Material provided section start

(* Let $\mathcal{Q}$ be a quantum query algorithm making $p(n)$ queries to an oracle acting on an $n$-qubit query register, and fix an initial state. For an $n$-qubit pure state $|\psi\rangle$, let $|\Phi^f_\psi\rangle$ be the final state (before measurement) of $\mathcal{Q}$ run from this initial state with oracle $U_\psi=\mathbb{1}-2|\psi\rangle\langle\psi|$. Then there exists a subspace $S$ of the $n$-qubit Hilbert space of dimension $2^{n/2}$ containing $|\psi\rangle$ such that, if $|\Phi^f_S\rangle$ is the final state of $\mathcal{Q}$ run from the same initial state with oracle $U_S=\mathbb{1}-2\Pi_S$ ($\Pi_S$ the orthogonal projector onto $S$), then $\big\||\Phi^f_\psi\rangle-|\Phi^f_S\rangle\big\|_2\le 2p(n)\cdot2^{-n/6}$.
   Context: A quantum query algorithm alternates fixed unitaries on its registers with applications of the oracle to a designated $n$-qubit query register (tensored with identity elsewhere). $n$ is assumed even. *)

From HB Require Import structures.
From mathcomp Require Import all_boot all_order all_algebra.
From mathcomp Require Import reals.
From mathcomp.real_closed Require Import complex mxtens.
Set Implicit Arguments.
Unset Strict Implicit.
Unset Printing Implicit Defensive.
Import Order.TTheory GRing.Theory Num.Theory Num.Def.
Local Open Scope ring_scope.

(* Conventions: states are ROW vectors 'rV[C]_d; an operator M acts on a
   state v as  v *m M  (so the fixed unitaries range over all unitaries,
   transposition being irrelevant). *)

Definition l2norm (C : numClosedFieldType) d (v : 'rV[C]_d) : C :=
  sqrtC (\sum_i `|v 0 i| ^+ 2).

(* |psi><psi| in the row-vector convention: v *m rank1proj psi = <psi|v> psi. *)
Definition rank1proj (C : numClosedFieldType) d (psi : 'rV[C]_d) : 'M[C]_d :=
  (map_mx conjC psi^T) *m psi.

Definition oracle_state (C : numClosedFieldType) d (psi : 'rV[C]_d) : 'M[C]_d :=
  1%:M - 2%:R *: rank1proj psi.

Definition oracle_subspace (C : numClosedFieldType) k d (S : 'M[C]_(k, d)) : 'M[C]_d :=
  1%:M - 2%:R *: proj_ortho S.

(* A quantum query algorithm on the space C^(2^n) (query register) (x) C^W
   (remaining registers), given by fixed unitaries U 0, U 1, ..., U q.                        *)
Fixpoint run_alg (C : numClosedFieldType) (N W : nat)
    (U : nat -> 'M[C]_(N * W)) (O : 'M[C]_N) (phi0 : 'rV[C]_(N * W)) (k : nat)
    : 'rV[C]_(N * W) :=
  match k with
  | 0 => phi0 *m U 0
  | k'.+1 => run_alg U O phi0 k' *m (O *t (1%:M : 'M[C]_W)) *m U k
  end.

Material provided section end

▶ _Exercise_
Which lines of the entries above contain the string "Implicit"? Copy each one.

▶ _Answer for this exercise_
Set Implicit Arguments.
Unset Strict Implicit.
Unset Printing Implicit Defensive.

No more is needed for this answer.